Through consolidating the German government into a dictatorial state, Hitler was able to pronounce himself as the sole leader of Germany, and as such, he could rule all aspects of Germany's social, political, and economic climate. The Nazi Party was able to come into power through capitalizing on the suffering of the German people, who, at the time, were experiencing a severe economic crisis. Hitler blamed Jewish people for this crisis, citing the number of Jewish merchants and Jewish middle-class. Of course, this assertion was ridiculous, but Hitler was an incredibly persuasive speaker, and the desperate conditions in Germany aided his rise to power.
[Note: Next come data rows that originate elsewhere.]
Lemma measurable_pattern (f : {ffun 'I_n -> bool}) :
  measurable [set w | forall j, q (X j w) = f j].
Proof.
rewrite pattern_bigcap; apply: fin_bigcap_measurable => [|j _]; first exact: finite_finset.
rewrite -[X in measurable X]setTI; apply: mX => //.
by case: (f j) => //; exact: measurableC.
Qed.

Lemma measurable_count_le (m : nat) :
  measurable [set w | (#|[set j | q (X j w)]%SET| <= m)%N].
Proof.
rewrite (count_le_bigcup (fun j w => q (X j w))).
by apply: fin_bigcup_measurable => [|f _]; [exact: finite_finset | exact: measurable_pattern].
Qed.

End sample_patterns.

Section iid_uniform_counts.
Context d (T : measurableType d) (R : realType) (P : probability T R).
Variables (n : nat) (X : 'I_n -> T -> R) (q : R -> bool) (p : R).
Hypothesis iidX : iid_uniform01 P X.
Hypothesis mq : measurable [set y | q y].
Hypothesis lebq : (@lebesgue_measure R) ([set y | q y] `&` `[0%R, 1%R]) = p%:E.

Let mX j : measurable_fun setT (X j) := (iidX.1 j).1.

Lemma iid_pattern_prob (f : {ffun 'I_n -> bool}) :
  P [set w | forall j, q (X j w) = f j] = (\prod_(j < n) (if f j then p else 1 - p))%:E.
Proof.
have Pq j : P (X j @^-1` [set y | q y]) = p%:E by rewrite (iidX.1 j).2.
rewrite pattern_bigcap iidX.2 => [|j]; last by case: (f j) => //; exact: measurableC.
rewrite -prodEFin; apply: eq_big => [j|j _]; first by rewrite inE.
case: (f j) => //; rewrite -preimage_setC probability_setC ?Pq ?EFinB //.
by rewrite -[X in measurable X]setTI; apply: mX.
Qed.

Lemma prob_count_le (m : nat) :
  P [set w | (#|[set j | q (X j w)]%SET| <= m)%N] = (binomial_cdf n m p)%:E.
Proof.
rewrite (count_le_bigcup (fun j w => q (X j w))) /= measure_bigcup_finType; last 2 first.
- exact: measurable_pattern.
- move=> f g _ _ [w [/= fw gw]]; apply/ffunP => j; by rewrite -fw -gw.
by rewrite /binomial_cdf -sumEFin; apply: eq_bigr => f _; exact: iid_pattern_prob.
Qed.

End iid_uniform_counts.

Lemma sorted_nth_downclosed disp (T : orderType disp) (x0 : T) (s : seq T) (P : pred T) k :
  sorted <=%O s -> (forall y z, (z <= y)%O -> P y -> P z) ->
  (k < size s)%N -> P (nth x0 s k) = (k < count P s)%N.
Proof.
move=> ss Pdown ks.
have le_nth a b : (a <= b)%N -> (b < size s)%N -> (nth x0 s a <= nth x0 s b)%O.
  move=> ab bs; apply: (sorted_leq_nth le_trans lexx) => //.
  by rewrite inE (leq_ltn_trans ab bs).
apply/idP/idP => [Pk | ].
- rewrite -(cat_take_drop k.+1 s) count_cat.
  suff -> : count P (take k.+1 s) = k.+1 by exact: leq_addr.
  have sz : size (take k.+1 s) = k.+1 by rewrite size_takel.
  apply/eqP; rewrite -[X in _ == X]sz -all_count; apply/(all_nthP x0) => j; rewrite sz => jk.
  by rewrite nth_take //; apply: Pdown Pk; apply: le_nth.
- apply: contraLR => nPk; rewrite -leqNgt -(cat_take_drop k s) count_cat.
  have -> : count P (drop k s) = 0%N.
    rewrite (@eq_in_count _ _ pred0) ?count_pred0 // => x /(nthP x0) [j hj <-].
    rewrite nth_drop /=; apply/negbTE; apply: contra nPk => Pj.
    apply: Pdown Pj; apply: le_nth; first exact: leq_addr.
    by rewrite size_drop ltn_subRL in hj.
  by rewrite addn0 (leq_trans (count_size _ _)) // size_take_min geq_minl.
Qed.

Section order_statistics.
Variable R : realType.
Implicit Types (n i : nat) (a b : R).

Lemma ostat_downclosed n i (x : 'I_n -> R) (P : pred R) :
  (forall y z, z <= y -> P y -> P z) -> (0 < i <= n)%N ->
  P (ostat n i x) = (i <= #|[set j | P (x j)]%SET|)%N.
Proof.
move=> Pdown /andP[i0 iN]; rewrite /ostat.
have sz : size (sort (fun a b : R => a <= b) [seq x j | j <- enum 'I_n]) = n.
  by rewrite size_sort size_map size_enum_ord.
rewrite sorted_nth_downclosed ?sz ?prednK //.
rewrite (permP (permEl (perm_sort _ _))) count_map; congr (_ <= _)%N.
by rewrite cardsE cardE enumT /enum_mem size_filter; apply: eq_count.
Qed.

Lemma ostat_gtE n i a (x : 'I_n -> R) : (0 < i <= n)%N ->
  (a < ostat n i x) = (#|[set j | (x j <= a)%R]%SET| <= i.-1)%N.
Proof.
move=> /[dup] /andP[i0 _] iN; rewrite ltNge (@ostat_downclosed _ _ _ (fun y => y <= a)) //.
- by rewrite -ltnNge -{1}(ltn_predK i0) ltnS.
- by move=> y z zy ya; exact: le_trans zy ya.
Qed.

Lemma ostat_ltE n i b (x : 'I_n -> R) : (0 < i <= n)%N ->
  (ostat n i x < b) = (#|[set j | (b <= x j)%R]%SET| <= n - i)%N.
Proof.
move=> /[dup] /andP[_ i_le_n] iN.
rewrite (@ostat_downclosed _ _ _ (fun y => y < b)) //; last first.
  by move=> y z zy yb; exact: le_lt_trans zy yb.
have -> : [set j | (b <= x j)%R]%SET = ~: [set j | (x j < b)%R]%SET.
  by apply/setP => j; rewrite !inE leNgt.
rewrite cardsCs card_ord.
have : (#|[set j | (x j < b)%R]%SET| <= n)%N by rewrite -[leqRHS]card_ord max_card.
by move: (#|_|) => k kn; apply/idP/idP => h; lia.
Qed.

Lemma measurable_le_set a : measurable [set y : R | y <= a].
Proof.
have -> : [set y : R | y <= a] = `]-oo, a]%classic by apply/seteqP; split => y /=; rewrite in_itv.
exact: measurable_itv.
Qed.

Lemma measurable_ge_set b : measurable [set y : R | b <= y].
Proof.
have -> : [set y : R | b <= y] = `[b, +oo[%classic.
  by apply/seteqP; split => y /=; rewrite in_itv /= andbT.
exact: measurable_itv.
Qed.

End order_statistics.

Lemma measurable_gt_fun d (T : measurableType d) (R : realType) (f : T -> R) (a : R) :
  measurable_fun setT f -> measurable [set w | a < f w].
Proof.
move=> mf; have -> : [set w | a < f w] = setT `&` f @^-1` `]a, +oo[%classic.
  by apply/seteqP; split => w /=; rewrite in_itv /= andbT //; move=> [].
exact: mf (measurable_itv _).
Qed.

Lemma measurable_lt_fun d (T : measurableType d) (R : realType) (f : T -> R) (a : R) :
  measurable_fun setT f -> measurable [set w | f w < a].
Proof.
move=> mf; have -> : [set w | f w < a] = setT `&` f @^-1` `]-oo, a[%classic.
  by apply/seteqP; split => w /=; rewrite in_itv //; move=> [].
exact: mf (measurable_itv _).
Qed.

Lemma measurable_ostat d (T : measurableType d) (R : realType) (n i : nat)
    (X : 'I_n -> T -> R) :
  (forall j, measurable_fun setT (X j)) ->
  measurable_fun setT (fun w => ostat n i (fun j => X j w)).
Proof.
move=> mX; wlog i0 : i / (0 < i)%N => [hwlog|].
  by case: i => [|i]; [exact: (hwlog 1%N) | exact: hwlog].
have [ni|iN] := ltnP n i.
  have -> : (fun w => ostat n i (fun j => X j w)) = cst 0.
    apply/funext => w; rewrite /ostat nth_default //.
    by rewrite size_sort size_map size_enum_ord -ltnS prednK.
  exact: measurable_cst.
apply: (measurability _ (measurable_realfun.RGenOInfty.measurableE R)) => //.
move=> /= _ [_ [a ->] <-]; rewrite setTI.
have -> : (fun w => ostat n i (fun j => X j w)) @^-1` `]a, +oo[%classic =
          [set w | (#|[set j | (X j w <= a)%R]%SET| <= i.-1)%N].
  by apply/seteqP; split => w /=; rewrite in_itv /= andbT ostat_gtE ?i0.
exact: (measurable_count_le (q := fun y => y <= a) mX (measurable_le_set a)).
Qed.

Section uniform_intervals.
Variable R : realType.

Lemma lebesgue_le_cap01 (a : R) : 0 <= a ->
  (@lebesgue_measure R) ([set y | y <= a] `&` `[0%R, 1%R]) = (Num.min a 1)%:E.
Proof.
move=> a0; have m0 : 0 <= Num.min a 1 by rewrite le_min a0 ler01.
have -> : [set y | y <= a] `&` `[0%R, 1%R] = `[0%R, Num.min a 1]%classic.
  apply/seteqP; split => y /=; rewrite !in_itv /= le_min.
  - by move=> [-> /andP[-> ->]].
  - by move=> /andP[-> /andP[-> ->]].
rewrite lebesgue_measure_itv /= lte_fin; case: ltP => [_|m_le0].
  by rewrite -EFinD subr0.
by apply/esym/congr1/le_anti; rewrite m_le0 m0.
Qed.

Lemma lebesgue_ge_cap01 (b : R) : b <= 1 ->
  (@lebesgue_measure R) ([set y | b <= y] `&` `[0%R, 1%R]) = (1 - Num.max b 0)%:E.
Proof.
move=> b1; have m1 : Num.max b 0 <= 1 by rewrite ge_max b1 ler01.
have -> : [set y | b <= y] `&` `[0%R, 1%R] = `[Num.max b 0, 1%R]%classic.
  apply/seteqP; split => y /=; rewrite !in_itv /= ge_max.
  - by move=> [-> /andP[-> ->]].
  - by move=> /andP[/andP[-> ->] ->].
rewrite lebesgue_measure_itv /= lte_fin; case: ltP => [_|m_ge1].
  by rewrite -EFinD.
by apply/esym/congr1; apply/eqP; rewrite subr_eq0 eq_le m1 m_ge1.
Qed.

End uniform_intervals.

Section order_statistic_tails.
Context d (T : measurableType d) (R : realType) (P : probability T R).
Variables (n : nat) (X : 'I_n -> T -> R).
Hypothesis iidX : iid_uniform01 P X.

Lemma ostat_upper_tail (i : nat) (a e : R) : (0 < i <= n)%N -> 0 < e ->
  i%:R <= n%:R * (a - e) ->
  (P [set w | (a < ostat n i (fun j => X j w))%R] <=
    (expR 1 * expR (- ((n%:R + 1) * (e ^+ 2 / 2))))%:E)%E.
Proof.
move=> iN e0 hi; have n0 : (0 < n)%N by case/andP: iN => /leq_trans; apply.
have n0R : 0 < n%:R :> R by rewrite ltr0n.
have ae : 0 <= a - e by rewrite -(pmulr_rge0 _ n0R) (le_trans _ hi).
have hm : (i.-1)%:R <= n%:R * (a - e) :> R by rewrite (le_trans _ hi) // ler_nat leq_pred.
have -> : [set w | a < ostat n i (fun j => X j w)] =
          [set w | (#|[set j | (X j w <= a)%R]%SET| <= i.-1)%N].
  by apply/seteqP; split => w /=; rewrite ostat_gtE.
have [a1|a1] := ltP a 1.
- have leb : (@lebesgue_measure R) ([set y | y <= a] `&` `[0%R, 1%R]) = a%:E.
    by rewrite lebesgue_le_cap01 ?(min_idPl (ltW a1)) //; lra.
  rewrite (prob_count_le iidX (measurable_le_set a) leb) lee_fin.
  apply: le_trans (binomial_cdf_hoeffding _ _ (ltW e0) hm) (expR_hoeffding_succ _ _); try lra.
  have : e ^+ 2 <= 1 by rewrite expr_le1 //; lra.
  lra.
- (* almost surely every sample is [<= a] *)
  have leb : (@lebesgue_measure R) ([set y | y <= a] `&` `[0%R, 1%R]) = 1%:E.
    by rewrite lebesgue_le_cap01 ?(min_idPr a1) //; lra.
  rewrite (prob_count_le iidX (measurable_le_set a) leb) binomial_cdf1; last by case/andP: iN; lia.
  by rewrite lee_fin mulr_ge0 ?expR_ge0.
Qed.

Lemma ostat_lower_tail (i : nat) (b e : R) : (0 < i <= n)%N -> 0 < e ->
  n%:R * (b + e) <= i%:R ->
  (P [set w | (ostat n i (fun j => X j w) < b)%R] <=
    (expR 1 * expR (- ((n%:R + 1) * (e ^+ 2 / 2))))%:E)%E.
Proof.
move=> /[dup] /andP[i0 iN] iN' e0 hi; have n0 : (0 < n)%N by apply: leq_trans iN.
have n0R : 0 < n%:R :> R by rewrite ltr0n.
have be1 : b + e <= 1.
  by rewrite -(ler_pM2l n0R) mulr1 (le_trans hi) // ler_nat.
have -> : [set w | ostat n i (fun j => X j w) < b] =
          [set w | (#|[set j | (b <= X j w)%R]%SET| <= n - i)%N].
  by apply/seteqP; split => w /=; rewrite ostat_ltE.
have [b0|b0] := ltP 0 b.
- have leb : (@lebesgue_measure R) ([set y | b <= y] `&` `[0%R, 1%R]) = (1 - b)%:E.
    by rewrite lebesgue_ge_cap01 ?(max_idPl (ltW b0)) //; lra.
  have hm : (n - i)%:R <= n%:R * ((1 - b) - e) :> R by rewrite natrB //; lra.
  rewrite (prob_count_le iidX (measurable_ge_set b) leb) lee_fin.
  apply: le_trans (binomial_cdf_hoeffding _ _ (ltW e0) hm) (expR_hoeffding_succ _ _); try lra.
  have : e ^+ 2 <= 1 by rewrite expr_le1 //; lra.
  lra.
- (* almost surely every sample is [>= b] *)
  have leb : (@lebesgue_measure R) ([set y | b <= y] `&` `[0%R, 1%R]) = 1%:E.
    by rewrite lebesgue_ge_cap01 ?(max_idPr b0) ?subr0 //; lra.
  rewrite (prob_count_le iidX (measurable_ge_set b) leb) binomial_cdf1; last first.
    by rewrite ltn_subrL i0 n0.
  by rewrite lee_fin mulr_ge0 ?expR_ge0.
Qed.

End order_statistic_tails.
While Hitler's party was popularly elected in 1933, Hitler soon began working to turn the state into an authoritarian government under his control. In 1934, Hitler held a national referendum in which he officially became the sole leader, or Führer, of Germany. While the referendum was a national vote, Hitler had his soldiers physically intimidate and force individuals and organizations to vote in favor of the referendum. Once this consolidation of power into Hitler's hands happened, he was able to fully control German society. Control of the German economy was a part of the power consolidation.
The Nazi regime was, as much as possible, a totalitarian regime. This meant that it did everything that it could to control all parts of German life. Since the economy was a major part of German life, Hitler and the Nazis tried to control it.
There were two main ways in which the Nazis tried to control the economy. First, they tried to control it through coopting it. That is, they tried to get the major players in the economy to identify with Nazism. Fort this reason, they did things like having workers and employers participate in a “Labor Front” which was meant to make them feel that they were a part of the Nazi movement. If groups like the workers felt that they were a part of the Nazi movement, they would be more likely to do what it wanted without having to be coerced.
Of course, coercion was the second major Nazi method of controlling the economy. The Nazis used the threat of violence to ensure that people did what they wanted. They used the SA stormtroopers, for example, to take over the unions and make sure they could not function independently.
In these ways, Hitler and the Nazis sort of used a “carrot and stick” approach. They tried to get the parts of the economy to cooperate voluntarily, but they were also quite willing to use coercion to make sure everyone did as they were told.